Recorded data:
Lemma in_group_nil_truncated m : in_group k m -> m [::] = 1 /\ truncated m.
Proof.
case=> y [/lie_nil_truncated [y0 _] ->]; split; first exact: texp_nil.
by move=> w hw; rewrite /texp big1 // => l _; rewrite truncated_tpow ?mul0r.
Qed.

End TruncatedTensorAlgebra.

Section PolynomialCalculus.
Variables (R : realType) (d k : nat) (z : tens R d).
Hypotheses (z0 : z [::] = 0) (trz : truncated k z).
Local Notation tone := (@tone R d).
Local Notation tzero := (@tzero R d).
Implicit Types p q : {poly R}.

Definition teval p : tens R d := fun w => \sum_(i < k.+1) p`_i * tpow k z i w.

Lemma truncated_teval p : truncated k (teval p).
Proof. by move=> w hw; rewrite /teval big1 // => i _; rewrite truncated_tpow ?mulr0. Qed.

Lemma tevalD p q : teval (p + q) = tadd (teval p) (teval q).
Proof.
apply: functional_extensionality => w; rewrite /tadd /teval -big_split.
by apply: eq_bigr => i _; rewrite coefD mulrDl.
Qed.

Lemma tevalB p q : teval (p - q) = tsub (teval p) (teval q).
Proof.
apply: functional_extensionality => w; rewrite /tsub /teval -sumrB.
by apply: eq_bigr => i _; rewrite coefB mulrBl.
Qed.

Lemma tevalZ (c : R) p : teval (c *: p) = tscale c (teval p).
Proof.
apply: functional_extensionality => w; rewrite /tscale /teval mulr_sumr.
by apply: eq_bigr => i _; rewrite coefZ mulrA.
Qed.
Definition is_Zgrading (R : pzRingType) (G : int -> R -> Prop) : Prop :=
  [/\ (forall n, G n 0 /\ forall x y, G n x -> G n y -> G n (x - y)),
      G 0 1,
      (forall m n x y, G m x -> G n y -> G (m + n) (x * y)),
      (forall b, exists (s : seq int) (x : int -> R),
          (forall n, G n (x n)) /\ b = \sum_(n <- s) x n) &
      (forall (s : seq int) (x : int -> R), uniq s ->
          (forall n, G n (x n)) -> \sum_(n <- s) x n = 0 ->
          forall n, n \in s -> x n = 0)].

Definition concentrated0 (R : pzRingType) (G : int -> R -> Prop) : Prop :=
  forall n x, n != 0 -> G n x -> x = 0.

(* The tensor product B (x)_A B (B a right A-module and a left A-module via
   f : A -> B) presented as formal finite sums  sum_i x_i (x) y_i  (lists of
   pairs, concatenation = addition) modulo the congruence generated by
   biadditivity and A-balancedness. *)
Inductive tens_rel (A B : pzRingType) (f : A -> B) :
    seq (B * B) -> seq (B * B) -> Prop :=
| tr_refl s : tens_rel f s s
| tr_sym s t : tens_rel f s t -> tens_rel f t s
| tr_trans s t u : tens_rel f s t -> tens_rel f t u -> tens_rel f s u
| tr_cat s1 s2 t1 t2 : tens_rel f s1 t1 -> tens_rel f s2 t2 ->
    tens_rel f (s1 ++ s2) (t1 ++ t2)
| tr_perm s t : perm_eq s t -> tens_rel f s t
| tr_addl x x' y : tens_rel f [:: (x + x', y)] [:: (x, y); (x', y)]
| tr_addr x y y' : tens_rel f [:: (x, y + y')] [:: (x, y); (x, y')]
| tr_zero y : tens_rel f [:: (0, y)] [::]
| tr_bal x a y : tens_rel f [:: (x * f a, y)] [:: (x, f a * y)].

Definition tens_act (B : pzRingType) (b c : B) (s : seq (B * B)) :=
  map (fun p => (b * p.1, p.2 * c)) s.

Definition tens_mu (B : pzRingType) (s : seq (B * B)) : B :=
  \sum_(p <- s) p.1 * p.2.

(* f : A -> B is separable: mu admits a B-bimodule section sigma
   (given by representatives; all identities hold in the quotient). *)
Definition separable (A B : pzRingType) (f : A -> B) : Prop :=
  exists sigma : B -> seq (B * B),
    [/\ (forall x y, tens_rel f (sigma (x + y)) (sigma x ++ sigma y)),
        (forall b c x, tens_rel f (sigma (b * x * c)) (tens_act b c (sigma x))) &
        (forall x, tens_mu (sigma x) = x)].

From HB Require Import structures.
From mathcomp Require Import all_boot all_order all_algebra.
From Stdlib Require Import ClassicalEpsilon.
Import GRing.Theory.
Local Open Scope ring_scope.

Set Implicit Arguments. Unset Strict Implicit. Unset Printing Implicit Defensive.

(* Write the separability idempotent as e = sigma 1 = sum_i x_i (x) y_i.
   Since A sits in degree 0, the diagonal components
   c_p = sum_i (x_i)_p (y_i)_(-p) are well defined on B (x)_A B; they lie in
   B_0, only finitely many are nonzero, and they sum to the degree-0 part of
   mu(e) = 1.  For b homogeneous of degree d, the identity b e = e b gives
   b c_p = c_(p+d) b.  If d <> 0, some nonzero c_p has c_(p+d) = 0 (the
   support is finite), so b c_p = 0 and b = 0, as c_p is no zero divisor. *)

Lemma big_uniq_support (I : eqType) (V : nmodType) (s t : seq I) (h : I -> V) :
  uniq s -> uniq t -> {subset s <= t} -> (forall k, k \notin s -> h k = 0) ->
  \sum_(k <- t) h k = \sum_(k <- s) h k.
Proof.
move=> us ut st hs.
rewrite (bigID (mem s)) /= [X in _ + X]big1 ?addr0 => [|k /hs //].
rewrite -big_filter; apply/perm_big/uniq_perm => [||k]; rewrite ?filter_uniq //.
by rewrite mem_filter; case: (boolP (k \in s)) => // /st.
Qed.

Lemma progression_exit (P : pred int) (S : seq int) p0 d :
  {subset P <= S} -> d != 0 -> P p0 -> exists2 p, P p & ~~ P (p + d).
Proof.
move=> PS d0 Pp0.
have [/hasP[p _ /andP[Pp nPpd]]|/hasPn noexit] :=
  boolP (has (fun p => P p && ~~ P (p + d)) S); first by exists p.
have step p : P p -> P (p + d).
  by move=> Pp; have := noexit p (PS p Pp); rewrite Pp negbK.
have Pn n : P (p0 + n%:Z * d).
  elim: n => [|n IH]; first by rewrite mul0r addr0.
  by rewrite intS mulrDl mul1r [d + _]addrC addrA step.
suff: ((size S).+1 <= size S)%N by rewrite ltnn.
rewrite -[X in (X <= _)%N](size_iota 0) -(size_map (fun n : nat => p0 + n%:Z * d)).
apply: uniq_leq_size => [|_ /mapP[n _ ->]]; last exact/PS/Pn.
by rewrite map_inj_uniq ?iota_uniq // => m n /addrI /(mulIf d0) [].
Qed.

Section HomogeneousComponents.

What needs to be done:
Say how many lines of the material contain the word "pzRingType". Add nothing to the number.

Exercise output:
6